- _Source material_
--------------------
(* Let $p$ be a prime and let $b>1$ be an integer which is not a power of $2$, with $p\nmid b$. Let $\operatorname{rad}(b)$ be the product of the distinct primes dividing $b$ and $\varphi$ Euler's totient function. (a) If $a,c$ are positive integers such that $c$ is a primitive divisor of $p^a-1$, $\varphi(\operatorname{rad}(b))\mid a$ and $\gcd\big(\tfrac{p^a-1}{c},b\big)=1$, then $g\big(\tfrac{p^{ab}-1}{bc},p^{ab}\big)=b\,g\big(\tfrac{p^a-1}{c},p^a\big)$. (b) In particular, writing $a_0=\varphi(\operatorname{rad}(b))$, if $c$ is a primitive divisor of $p^{a_0}-1$ with $\gcd\big(\tfrac{p^{a_0}-1}{c},b\big)=1$, then $$g\Big(\tfrac{p^{b a_0}-1}{bc},\,p^{b a_0}\Big)=b\,g\Big(\tfrac{p^{a_0}-1}{c},\,p^{a_0}\Big).$$
   Context: For a prime power $q$ and a positive integer $k$, the Waring number $g(k,q)$ is the smallest $s$ (if it exists) such that every element of $\mathbb{F}_q$ is a sum of $s$ $k$-th powers of elements of $\mathbb{F}_q$. An integer $e$ is a primitive divisor of $p^a-1$ if $e\mid p^a-1$ and $e\nmid p^u-1$ for every $1\le u<a$. *)

From HB Require Import structures.
From mathcomp Require Import all_boot all_order all_algebra all_field.
From Stdlib Require Import ClassicalEpsilon.
Set Implicit Arguments. Unset Strict Implicit. Unset Printing Implicit Defensive.
Import GRing.Theory.

Definition sum_of_kpowers (F : finFieldType) (k s : nat) (x : F) : bool :=
  [exists f : {ffun 'I_s -> F}, x == (\sum_(i < s) f i ^+ k)%R].

Definition waring_ok (F : finFieldType) (k s : nat) : bool :=
  [forall x : F, sum_of_kpowers k s x].

Definition waring_number (F : finFieldType) (k : nat) : option nat :=
  match excluded_middle_informative (exists s, waring_ok F k s) with
  | left H => Some (ex_minn H)
  | right _ => None
  end.

Definition radn (n : nat) : nat := \prod_(r <- primes n) r.

Definition primitive_divisor (p a e : nat) : Prop :=
  e %| p ^ a - 1 /\ forall u, 1 <= u < a -> ~~ (e %| p ^ u - 1).

(* Write q = p^a, k = (q - 1)/c and k' = (q^b - 1)/(bc).  Since phi(rad b) | a, every
   prime factor of b divides q - 1, and 4 | q - 1 when b is even (b then has an odd prime
   factor r, so a is even).  Lifting the exponent in 1 + q + ... + q^(e-1) then shows that
   q has multiplicative order exactly b modulo bc.
   Embed F_q into F_(q^b) and let th be a primitive bc-th root of unity there.  Its
   Frobenius conjugates th^(q^i), i < b, are distinct, so 1, th, ..., th^(b-1) is a basis
   of F_(q^b) over F_q; and the k'-th powers of F_(q^b) are exactly the th^j y with j < b
   and y a k-th power of F_q.  Writing an element in this basis, s k-th powers per
   coordinate give bs k'-th powers.  Conversely, if y (1 + th + ... + th^(b-1)) is a sum of
   s k'-th powers th^(j_i) y_i, grouping the terms by j_i expresses y in every coordinate,
   and some coordinate uses at most s/b of them. *)

From HB Require Import structures.
From mathcomp Require Import all_boot all_order all_algebra all_field all_solvable zify.
From Stdlib Require Import Classical ClassicalEpsilon.
Set Implicit Arguments. Unset Strict Implicit. Unset Printing Implicit Defensive.
Import GRing.Theory.

(** * Geometric sums and the order of q modulo bc *)

Definition geom_sum (x n : nat) : nat := \sum_(i < n) x ^ i.

Lemma expn_sub1_geom_sum x n : 0 < x -> x ^ n - 1 = (x - 1) * geom_sum x n.
Proof. by move=> x_gt0; rewrite !subn1 predn_exp. Qed.

Lemma geom_sumD x m n : geom_sum x (m + n) = geom_sum x m + x ^ m * geom_sum x n.
Proof.
rewrite /geom_sum big_split_ord /= big_distrr /=.
by congr (_ + _); apply: eq_bigr => i _; rewrite expnD.
Qed.

Lemma geom_sumM x m n : geom_sum x (m * n) = geom_sum x m * geom_sum (x ^ m) n.
Proof.
elim: n => [|n IHn]; first by rewrite muln0 /geom_sum !big_ord0 muln0.
rewrite mulnSr geom_sumD IHn /geom_sum big_ord_recr /= -expnM mulnDr.
by rewrite [_ * x ^ _]mulnC.
Qed.

Lemma geom_sum_mod r x n : 0 < x -> r %| x - 1 -> geom_sum x n = n %[mod r].
Proof.
move=> x_gt0 /dvdnP[y Hy]; have -> : x = y * r + 1 by lia.
rewrite /geom_sum -modn_summ (eq_bigr (fun _ => 1 %% r)) => [|i _].
  by rewrite sum_nat_const card_ord modnMmr muln1.
by rewrite modnMDXl exp1n.
Qed.

Lemma geom_sum_expand x r : 0 < x -> geom_sum x r = r + (x - 1) * \sum_(i < r) geom_sum x i.
Proof.
move=> x_gt0; rewrite big_distrr /= -[r in r + _]card_ord -sum1_card -big_split /=.
by apply: eq_bigr => i _; rewrite -expn_sub1_geom_sum // add1n subn1 prednK ?expn_gt0 ?x_gt0.
Qed.

Lemma geom_sum_prime_mod r x : prime r -> 0 < x -> r %| x - 1 -> (r = 2 -> 4 %| x - 1) ->
  geom_sum x r = r %[mod r ^ 2].
Proof.
move=> r_pr x_gt0 r_dvd r2_dvd; rewrite geom_sum_expand // -modnDmr.
suff /eqP -> : r ^ 2 %| (x - 1) * \sum_(i < r) geom_sum x i by rewrite addn0.
have [r2|r_neq2] := eqVneq r 2.
  by rewrite r2 big_ord_recr big_ord1 /geom_sum !big_ord_recl !big_ord0 expn0 muln1 r2_dvd.
have r_odd : odd r by apply: contraR r_neq2 => /(prime_oddPn r_pr) ->.
(* The sum is congruent to 0 + 1 + ... + (r - 1) = 'C(r, 2) modulo r. *)
rewrite expnS expn1 dvdn_mul //.
rewrite /dvdn -modn_summ (eq_bigr (fun i : 'I_r => i %% r)) => [|i _]; last exact: geom_sum_mod.
by rewrite modn_summ -(big_mkord xpredT id) bin2_sum bin2odd // -/(dvdn _ _) dvdn_mulr.
Qed.

Lemma geom_sum_prime_factor b x r : 0 < b -> 0 < x ->
  (forall s, prime s -> s %| b -> s %| x - 1) -> (2 %| b -> 4 %| x - 1) ->
  prime r -> r %| b -> exists2 u, geom_sum x r = r * u & coprime u b.
Proof.
move=> b_gt0 x_gt0 prime_dvd_x four_dvd_x r_pr r_b; have r_gt1 := prime_gt1 r_pr.
have /eqP := geom_sum_prime_mod r_pr x_gt0 (prime_dvd_x r r_pr r_b)
  (fun r2 => four_dvd_x (eq_ind r (dvdn^~ b) r_b 2 r2)).
rewrite [r %% _]modn_small; last by rewrite expnS expn1 ltn_Pmulr // prime_gt0.
set G := geom_sum x r; set u := r * (G %/ r ^ 2) + 1 => /eqP G_mod.
have G_eq : G = r * u.
  by rewrite {1}(divn_eq G (r ^ 2)) G_mod mulnDr muln1 mulnA mulnn [r ^ 2 * _]mulnC.
exists u => //; rewrite coprime_has_primes ?addn_gt0 ?orbT //; apply/hasPn => s.
rewrite !mem_primes => /and3P[s_pr _ s_b]; apply/negP => /and3P[_ _ s_u].
have s_r : s %| r.
  by rewrite /dvdn -(geom_sum_mod r x_gt0 (prime_dvd_x s s_pr s_b)) -/G -/(dvdn _ _) G_eq dvdn_mull.
have s_eq_r : s = r by apply/eqP; rewrite -dvdn_prime2.
by move: s_u; rewrite s_eq_r dvdn_addr ?dvdn_mulr // dvdn1 gtn_eqF.
Qed.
--------------------
- _Exercise description_
In the entries above, count each line holding the word "last" and give that count alone.

- _Exercise solution_
2